» DIRECTIONS
Using the records below, give again exactly the lines from the line that contains "(tTens tEta (tId [:: true; false]))." through the line that contains "Definition epsPP : term", both ends included, and only those.

(Saved entries)

Lemma is_bij_push I J f : is_bij (e @: I) (e @: J) (push_ffun f) = is_bij I J f.
Proof.
apply/is_bijP/is_bijP => -[fIJ f_inj f_onto]; split.
- by move=> i iI; rewrite -(mem_imset _ _ e_inj) -push_ffunE fIJ ?imset_f.
- move=> i j iI jI fij; apply: e_inj; apply: f_inj; rewrite ?imset_f //.
  by rewrite !push_ffunE fij.
- move=> j jJ; have [_ /imsetP[i iI ->]] := f_onto (e j) (imset_f e jJ).
  by rewrite push_ffunE => /e_inj fij; exists i.
- by move=> _ /imsetP[i iI ->]; rewrite push_ffunE imset_f ?fIJ.
- move=> _ _ /imsetP[i iI ->] /imsetP[j jI ->].
  by rewrite !push_ffunE => /e_inj/f_inj ->.
- move=> _ /imsetP[j jJ ->]; have [i iI <-] := f_onto j jJ.
  by exists (e i); rewrite ?imset_f ?push_ffunE.
Qed.

Lemma bij_value_push I f : bij_value B (e @: I) (push_ffun f) = bij_value A I f.
Proof.
rewrite /bij_value big_imset /=; last by move=> i j _ _; apply: e_inj.
by apply: eq_bigr => i _; rewrite push_ffunE BA.
Qed.

Lemma mono_cnt_push I f a b :
  mono_cnt (e @: I) (push_ffun f) (e a) (e b) = mono_cnt I f a b.
Proof.
rewrite /mono_cnt -(card_imset _ e_inj); apply: eq_card => x.
rewrite !inE; apply/andP/imsetP => [[/imsetP[i iI ->]]|[i]].
  by rewrite push_ffunE !(inj_eq e_inj) => Pi; exists i; rewrite // inE iI.
by rewrite inE => /andP[iI Pi] ->; rewrite imset_f // push_ffunE !(inj_eq e_inj).
Qed.

Lemma mono_cnt_push_out I f a b : a \notin codom e ->
  mono_cnt (e @: I) (push_ffun f) a b = 0%N.
Proof.
move=> a_out; apply: eq_card0 => x; rewrite !inE.
apply/negP => /andP[/imsetP[i _ ->]]; rewrite push_ffunE.
by case/orP => /andP[/eqP ea /eqP eb]; case/codomP: a_out; [exists i | exists (f i)].
Qed.
Lemma mem_lines a0 : Q a0 a0 != 0 -> (forall z, G (z *: a0)) ->
  forall a, Q a a != 0 -> forall z, G (z *: a).
Proof.
move=> Qa0 line0 a Qaa; have Ga0 : G a0 by rewrite -[a0]scale1r.
have [Qaa0 | ] := eqVneq (Q a a0) 0; last exact: mem_line.
(* pass through an anisotropic vector orthogonal to neither a0 nor a *)
have [k k_gt0 Qa1] := exists_aniso_shift hQ a Qa0.
have k_neq0 : (k%:R : R[i]) != 0 by rewrite pnatr_eq0 -lt0n.
have Ga1 : G (a0 + k%:R *: a).
  rewrite -[_ + _]scale1r; apply: (mem_line Qa1 Ga0).
  by rewrite (hformDl hQ) (hformZl hQ) Qaa0 mulr0 addr0.
by apply: (mem_line Qaa Ga1); rewrite (hformDr hQ) (hformZr hQ) Qaa0 add0r mulf_neq0.
Qed.

Lemma mem_of_lines : (forall a, Q a a != 0 -> forall z, G (z *: a)) -> forall x, G x.
Proof.
move=> lines x; have [e Qee] := exists_aniso hQ hnd (ltnW (ltnW hN)).
have [k k_gt0 Qek] := exists_aniso_shift hQ x Qee.
have k_neq0 : (k%:R : R[i]) != 0 by rewrite pnatr_eq0 -lt0n.
(* x = k^-1 (e + k x) - k^-1 e *)
have := subgroupB hG (lines _ Qek k%:R^-1) (lines _ Qee k%:R^-1).
by rewrite -scalerBr addrC addKr scalerA mulVf // scale1r.
Qed.

Lemma subgroup_full u : G u -> u != 0 -> forall v, G v.
Proof.
move=> Gu u_neq0.
have [a [Qaa Qau]] := exists_aniso_not_orthogonal hQ hnd (ltnW (ltnW hN)) u_neq0.
exact/mem_of_lines/(mem_lines Qaa)/(mem_line Qaa Gu Qau).
Qed.

End InvariantSubgroup.

Theorem mainTheorem8 (R : realType) (N : nat) (hN : (3 <= N)%N)
  (Q : 'cV[R[i]]_N -> 'cV[R[i]]_N -> R[i])
  (hQ : herm_form Q) (hnd : nondegenerate_form Q)
  (G : 'cV[R[i]]_N -> Prop) (hG : additive_subgroup G)
  (hinv : forall g : 'M[R[i]]_N, in_SU Q g -> forall v, G v -> G (g *m v)) :
  (forall v, G v <-> v = 0) \/ (forall v, G v).
Proof.
have [[u [Gu u_neq0]] | G_trivial] := pselect (exists u, G u /\ u != 0).
  by right; apply: (subgroup_full hN hQ hnd hG hinv Gu u_neq0).
left=> v; split=> [Gv | ->]; last exact: subgroup0.
by apply: (contra_notP _ G_trivial) => /eqP v_neq0; exists v.
Qed.
Lemma Pk_gt0 m : (1 <= m <= M)%N -> 0 < Pk p m.
Proof.
case/andP=> m_gt0 le_mM; have M_gt0 := leq_trans m_gt0 le_mM.
rewrite /Pk big_ltn ?ltnS // ltr_wpDr //.
  apply: sumr_nat_ge0 => i /andP[_]; rewrite ltnS => le_im.
  by rewrite -mulrA mulr_ge0 ?odds_ge0 ?subr_ge0 ?ltW ?p_incr //; apply: leq_trans le_mM.
by rewrite -mulrA mulr_gt0 ?subr_gt0 ?p_incr // divr_gt0 ?subr_gt0 ?p_lt1 // -p0 p_incr.
Qed.

Section RocCurve.
Variables (t f : nat -> R) (Np Nn : R).
Hypotheses (Np_gt0 : 0 < Np) (Nn_gt0 : 0 < Nn).
Hypotheses (t0 : t 0%N = Np) (f0 : f 0%N = Nn) (fM : f M.+1 = 0).
Hypothesis t_noninc : forall i, (i < M)%N -> t i.+1 <= t i.
Hypothesis f_noninc : forall i, (i <= M)%N -> f i.+1 <= f i.
Hypotheses (t_bound : forall i, 0 <= t i <= Np) (f_ge0 : forall i, 0 <= f i).

Definition roc_sum := \sum_(0 <= i < M.+1) (f i - f i.+1) * t i.

Definition nbc_sum :=
  \sum_(0 <= i < M.+1) (p i.+1 - p i) * (t i - f i * (p i / (1 - p i))).

Definition fp_loss := \sum_(1 <= i < M.+1) (f i - f i.+1) * (Np - t i).

Definition tp_shortfall := \sum_(1 <= i < M.+1) (p i.+1 - p i) * (Np - t i).

Definition fp_cost := \sum_(1 <= i < M.+1) (p i.+1 - p i) * (p i / (1 - p i)) * f i.
(* Let $I$ be any set, $n$ a positive integer, and $R=\prod_{i\in I}\mathbb Z/n\mathbb Z$. Let $\mathbf A$ be a $k\times l$ matrix with entries in $R$, written as $\mathbf A=\prod_{i\in I}\mathbf A_i$ with $\mathbf A_i$ a $k\times l$ matrix over $\mathbb Z/n\mathbb Z$. Then $\mathbf A$ is partition regular over $R$ if and only if there is a prime $p$ dividing $n$ such that either for some $i\in I$ the matrix $\mathbf A_i \bmod p$ (over $\mathbb F_p$) satisfies the generalised columns condition, or for infinitely many $i\in I$ the matrix $\mathbf A_i\bmod p$ satisfies the columns condition.
   Context: $\mathbf{A}$ is partition regular over $R$ if for every $r\ge1$ and every map $\chi\colon R\to\{1,\dots,r\}$ there is a nonzero $\mathbf{x}=(x_1,\dots,x_l)^{\intercal}\in R^l$ with $\mathbf{A}\mathbf{x}=0$ and $\chi(x_1)=\dots=\chi(x_l)$. For a matrix $\mathbf B$ over a ring $S$ with columns $\mathbf c_1,\dots,\mathbf c_l\in S^k$: generalised columns condition: there exist $m\ge0$, a partition $\{1,\dots,l\}=I_0\cup\dots\cup I_m$ and $d_0,\dots,d_m\in S\setminus\{0\}$ with (i) $d_0\sum_{i\in I_0}\mathbf c_i=0$; (ii) for $1\le t\le m$, $d_t\sum_{i\in I_t}\mathbf c_i$ lies in the $S$-submodule generated by $\mathbf c_j$, $j\in I_0\cup\dots\cup I_{t-1}$; (iii) if $m>0$, the ideal $d_0(d_1\cdots d_m)^nS$ is infinite for every $n\ge0$. Columns condition (for $S$ a domain, here the field $\mathbb F_p$): there exist $m\ge0$ and a partition $\{1,\dots,l\}=I_0\cup\dots\cup I_m$ with $\sum_{i\in I_0}\mathbf c_i=0$ and, for $1\le t\le m$, $\sum_{i\in I_t}\mathbf c_i$ in the span (over the fraction field) of the $\mathbf c_j$ with $j\in I_0\cup\dots\cup I_{t-1}$. *)

From HB Require Import structures.
From mathcomp Require Import all_boot all_order all_algebra.
Set Implicit Arguments. Unset Strict Implicit. Unset Printing Implicit Defensive.
Import Order.TTheory GRing.Theory Num.Theory.
Local Open Scope ring_scope.

Definition finitely_many (T : Type) (P : T -> Prop) : Prop :=
  exists (N : nat) (g : 'I_N -> T), forall x, P x -> exists j, g j = x.

Definition infinitely_many (T : Type) (P : T -> Prop) : Prop :=
  ~ finitely_many P.

(* The partition {1..l} = I_0 u ... u I_m (nonempty blocks) is encoded by a
   surjection f : 'I_l -> 'I_m.+1 (I_t = f^-1(t)). *)
Definition gen_columns_condition (S : comNzRingType) (k l : nat)
    (B : 'M[S]_(k, l)) : Prop :=
  exists (m : nat) (f : 'I_l -> 'I_m.+1) (d : 'I_m.+1 -> S),
    (forall t, exists j, f j = t) /\
    (forall t, d t != 0) /\
    d ord0 *: (\sum_(j < l | f j == ord0) col j B) = 0 /\
    (forall t : 'I_m.+1, t != ord0 ->
       exists lam : 'I_l -> S,
         d t *: (\sum_(j < l | f j == t) col j B)
         = \sum_(j < l | (f j < t)%N) lam j *: col j B) /\
    ((0 < m)%N -> forall e : nat,
       infinitely_many
         (fun y : S => exists x : S,
             y = d ord0 * (\prod_(t < m.+1 | t != ord0) d t) ^+ e * x)).
Definition Omega (p : pt) : Prop :=
  forall r, 0 < r -> exists q, Gamma 1 q /\ is_real_pt q /\ dist3 p q < r.

Definition nbhd_of_Omega_in_N (U : pt -> Prop) : Prop :=
  (forall p, U p -> OnN p) /\
  (forall p, Omega p -> exists r, 0 < r /\
      forall q, OnN q -> dist3 p q < r -> U q).

(* A path in S parametrized by [0,1]: a continuous map R -> C^3 whose
   restriction to [0,1] takes values in S (every continuous map on [0,1]
   extends continuously to R by constants). *)
Definition path_in (S : pt -> Prop) (g : R -> pt) : Prop :=
  (forall t, continuous g t) /\ (forall t, 0 <= t <= 1 -> S (g t)).

Definition loop_in (S : pt -> Prop) (p : pt) (g : R -> pt) : Prop :=
  path_in S g /\ g 0 = p /\ g 1 = p.

Definition loop_homotopic (S : pt -> Prop) (p : pt) (g h : R -> pt) : Prop :=
  exists H : R * R -> pt,
    (forall z, continuous H z) /\
    (forall s t, 0 <= s <= 1 -> 0 <= t <= 1 -> S (H (s, t))) /\
    (forall t, 0 <= t <= 1 -> H (0, t) = g t /\ H (1, t) = h t) /\
    (forall s, 0 <= s <= 1 -> H (s, 0) = p /\ H (s, 1) = p).

Definition loop_concat (g h : R -> pt) : R -> pt :=
  fun t => if Rle_dec t (1/2) then g (2 * t) else h (2 * t - 1).
Definition loop_rev (g : R -> pt) : R -> pt := fun t => g (1 - t).
Definition const_loop (p : pt) : R -> pt := fun _ => p.

Definition word_loop (p : pt) (w : list (bool * (R -> pt))) : R -> pt :=
  fold_right (fun (bg : bool * (R -> pt)) (acc : R -> pt) => loop_concat (if fst bg then snd bg else loop_rev (snd bg)) acc)
             (const_loop p) w.

Definition pi1_generated_by_loops_in (S U : pt -> Prop) (p : pt) : Prop :=
  forall g, loop_in S p g ->
    exists w : list (bool * (R -> pt)),
      (forall bg, In bg w -> loop_in (fun x => S x /\ U x) p (snd bg)) /\
      loop_homotopic S p g (word_loop p w).

From Stdlib Require Import Reals List Lra Psatz Classical IndefiniteDescription.
From Coquelicot Require Import Coquelicot.
Open Scope R_scope.

(* In the coordinates z = N1 + i N3 and w = N1 - i N3 = 1/z, the curve Gamma_k (k < 1)
   is the double cover M2^2 = -(z - a)(z - b) w of C^* branched at the two points
   a, b = conj a of the unit circle with a + b = 2 (2k^2 - 1).  Pushing z radially into
   the annulus 1 - d <= |z| <= 1 + d and lifting this motion to the cover, by multiplying
   M2 with square roots of (rho z - a)/(z - a) and (rho z - b)/(z - b), deforms Gamma_k
   into its part over the annulus while fixing a base point on the unit circle; the
   square roots have continuous branches because z and rho z lie on the same side of
   the unit circle, which keeps the real parts of the radicands positive.  So every loop
   is homotopic to a loop over the annulus.  As k -> 1 the branch points tend to 1 and
   the part of Gamma_k over a thin annulus approaches the real figure eight
   Omega = {M2^2 = 2 - 2 N1, |z| = 1}; by compactness of Omega it then lies in any
   prescribed neighbourhood of Omega. *)

Section RealContinuity.
Context {X : UniformSpace}.
Implicit Types (f g : X -> R) (x : X).
(* In the twisted Heisenberg category $\mathcal{H}^t$ (defined in the context), for $n\ge 2$ the following relations hold in the algebra $\mathrm{End}(P^n)$, for all admissible $i,j$: $T_iX_i = X_{i+1}T_i + 1 + C_iC_{i+1}$, $\;X_iT_i = T_iX_{i+1} + 1 - C_iC_{i+1}$, $\;C_iX_j = (-1)^{\delta_{i,j}}X_jC_i$, $\;X_iX_j = X_jX_i$.
   Context: $\Bbbk$ is a field of characteristic $0$. $\mathcal{H}^t$ is the $\Bbbk$-linear $\mathbb{Z}/2\mathbb{Z}$-graded (super) monoidal category obtained as the idempotent completion (with finite direct sums and parity shifts) of the monoidal category generated by objects $P, Q$ (unit object $\mathbf 1$) and morphisms: an even upward crossing $s: PP\to PP$; even cups/caps $\eta:\mathbf 1\to QP$, $\varepsilon: QP\to\mathbf 1$, $\eta':\mathbf 1\to PQ$, $\varepsilon':PQ\to\mathbf 1$; and odd ''hollow dots'' $c_P:P\to P\{1\}$, $c_Q:Q\to Q\{1\}$. Morphisms are planar string diagrams ($P$ upward strand, $Q$ downward strand, composition read bottom to top); diagrams differing by planar isotopy are equal, and odd dots on different strands supercommute (interchanging heights of two dots on different strands gives a sign $-1$). Let $\sigma=(\varepsilon\otimes 1_{PQ})(1_Q\otimes s\otimes 1_Q)(1_{QP}\otimes\eta'):QP\to PQ$ and $\sigma'=(1_{QP}\otimes\varepsilon')(1_Q\otimes s\otimes 1_Q)(\eta\otimes 1_{PQ}):PQ\to QP$. Defining relations: $s^2=1$, braid relation for $s$ on $PPP$; $\sigma\sigma'=1_{PQ}$, $\sigma'\sigma = 1_{QP}-\eta\varepsilon-(c_Q\otimes 1_P)\eta\varepsilon(1_Q\otimes c_P)$; $\varepsilon\eta=1_{\mathbf 1}$, $(\varepsilon\otimes 1_P)(1_Q\otimes s)(\eta\otimes 1_P)=0$; $s(c_P\otimes 1)=(1\otimes c_P)s$, $(c_P\otimes 1)s=s(1\otimes c_P)$; $\varepsilon(c_Q\otimes 1_P)=-\varepsilon(1_Q\otimes c_P)$, $\varepsilon'(c_P\otimes 1_Q)=\varepsilon'(1_P\otimes c_Q)$, $(c_Q\otimes 1_P)\eta=(1_Q\otimes c_P)\eta$, $(c_P\otimes 1_Q)\eta'=-(1_P\otimes c_Q)\eta'$; $c_P^2=1_P$, $c_Q^2=-1_Q$, $\varepsilon(1_Q\otimes c_P)\eta=0$. In $\mathrm{End}(P^n)$ (product = composition), $T_i$ is the crossing $s$ applied to strands $i,i+1$ ($1\le i\le n-1$), $C_i$ is $c_P$ on strand $i$, and $X_i$ is the ''right curl'' $X=(1_P\otimes\varepsilon')(s\otimes 1_Q)(1_P\otimes\eta'):P\to P$ applied to strand $i$ ($1\le i\le n$); $1$ is the identity of $P^n$ and $\delta_{i,j}$ is the Kronecker delta. *)

(* A syntactic presentation of the twisted Heisenberg
   category H^t (before idempotent completion, which does not change
   End(P^n)): morphisms are formal terms built from the generators by
   composition, tensor product and linear combinations; equality of
   morphisms is the smallest typed congruence [heq] containing the axioms
   of a strict monoidal k-linear supercategory (super interchange law),
   planar isotopy (zigzags + cyclicity of the crossing) and the defining
   relations of the context. *)
From mathcomp Require Import all_boot all_order all_algebra.
Set Implicit Arguments.
Unset Strict Implicit.
Unset Printing Implicit Defensive.
Import GRing.Theory.
Local Open Scope ring_scope.

(* Objects: words in P (= true, upward) and Q (= false, downward). *)
Definition obj := seq bool.

Inductive term (k : Type) : Type :=
| tId of obj
| tComp of term k & term k         (* tComp f g = f o g  (g first) *)
| tTens of term k & term k         (* tTens f g = f (x) g  (f on the left) *)
| tZero of obj & obj
| tAdd of term k & term k
| tScale of k & term k
| tS                               (* upward crossing  PP -> PP, even *)
| tEta
| tEps
| tEta'
| tEps'
| tCP                              (* hollow dot on P, odd *)
| tCQ.                             (* hollow dot on Q, odd *)

Arguments tId {k}. Arguments tZero {k}. Arguments tS {k}. Arguments tEta {k}.
Arguments tEps {k}. Arguments tEta' {k}. Arguments tEps' {k}.
Arguments tCP {k}. Arguments tCQ {k}.

(* htyped a b p f : f is a homogeneous morphism a -> b of parity p. *)
Inductive htyped (k : Type) : obj -> obj -> bool -> term k -> Prop :=
| ty_id a : htyped a a false (tId a)
| ty_comp a b c p q f g :
    htyped b c p f -> htyped a b q g -> htyped a c (p (+) q) (tComp f g)
| ty_tens a b c d p q f g :
    htyped a b p f -> htyped c d q g -> htyped (a ++ c) (b ++ d) (p (+) q) (tTens f g)
| ty_zero a b p : htyped a b p (tZero a b)
| ty_add a b p f g : htyped a b p f -> htyped a b p g -> htyped a b p (tAdd f g)
| ty_scale a b p (c : k) f : htyped a b p f -> htyped a b p (tScale c f)
| ty_s : htyped [:: true; true] [:: true; true] false tS
| ty_eta : htyped [::] [:: false; true] false tEta
| ty_eps : htyped [:: false; true] [::] false tEps
| ty_eta' : htyped [::] [:: true; false] false tEta'
| ty_eps' : htyped [:: true; false] [::] false tEps'
| ty_cP : htyped [:: true] [:: true] true tCP
| ty_cQ : htyped [:: false] [:: false] true tCQ.

Section Derived.
Variable k : Type.
Definition idP : term k := tId [:: true].
Definition idQ : term k := tId [:: false].
Definition sigma : term k :=
  tComp (tComp (tTens tEps (tId [:: true; false])) (tTens (tTens idQ tS) idQ))
        (tTens (tId [:: false; true]) tEta').
Definition sigma' : term k :=
  tComp (tComp (tTens (tId [:: false; true]) tEps') (tTens (tTens idQ tS) idQ))
        (tTens tEta (tId [:: true; false])).
Definition Xcurl : term k :=
  tComp (tComp (tTens idP tEps') (tTens tS idQ)) (tTens idP tEta').
Definition etaPP : term k := tComp (tTens (tTens idQ tEta) idP) tEta.
Definition epsPP : term k := tComp tEps (tTens (tTens idQ tEps) idP).
Definition eta'PP : term k := tComp (tTens (tTens idP tEta') idQ) tEta'.
Definition eps'PP : term k := tComp tEps' (tTens (tTens idP tEps') idQ).
Definition idQQ : term k := tId [:: false; false].
(* the two 180-degree rotations of the crossing, QQ -> QQ *)
Definition s_leftmate : term k :=
  tComp (tComp (tTens epsPP idQQ) (tTens (tTens idQQ tS) idQQ)) (tTens idQQ eta'PP).
Definition s_rightmate : term k :=
  tComp (tComp (tTens idQQ eps'PP) (tTens (tTens idQQ tS) idQQ)) (tTens etaPP idQQ).

(* the strand-local morphisms of End(P^n), indices 1-based *)
Definition Pn (n : nat) : obj := nseq n true.
Definition Ti (n i : nat) : term k :=
  tTens (tTens (tId (nseq i.-1 true)) tS) (tId (nseq (n - i.+1) true)).
Definition Ci (n i : nat) : term k :=
  tTens (tTens (tId (nseq i.-1 true)) tCP) (tId (nseq (n - i) true)).
Definition Xi (n i : nat) : term k :=
  tTens (tTens (tId (nseq i.-1 true)) Xcurl) (tId (nseq (n - i) true)).
End Derived.

Arguments idP {k}. Arguments idQ {k}. Arguments sigma {k}. Arguments sigma' {k}.
Arguments Xcurl {k}. Arguments etaPP {k}. Arguments epsPP {k}.
Arguments eta'PP {k}. Arguments eps'PP {k}. Arguments idQQ {k}.
Arguments s_leftmate {k}. Arguments s_rightmate {k}.
Arguments Ti {k}. Arguments Ci {k}. Arguments Xi {k}.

» REPLY TO THE TASK
        (tTens tEta (tId [:: true; false])).
Definition Xcurl : term k :=
  tComp (tComp (tTens idP tEps') (tTens tS idQ)) (tTens idP tEta').
Definition etaPP : term k := tComp (tTens (tTens idQ tEta) idP) tEta.
Definition epsPP : term k := tComp tEps (tTens (tTens idQ tEps) idP).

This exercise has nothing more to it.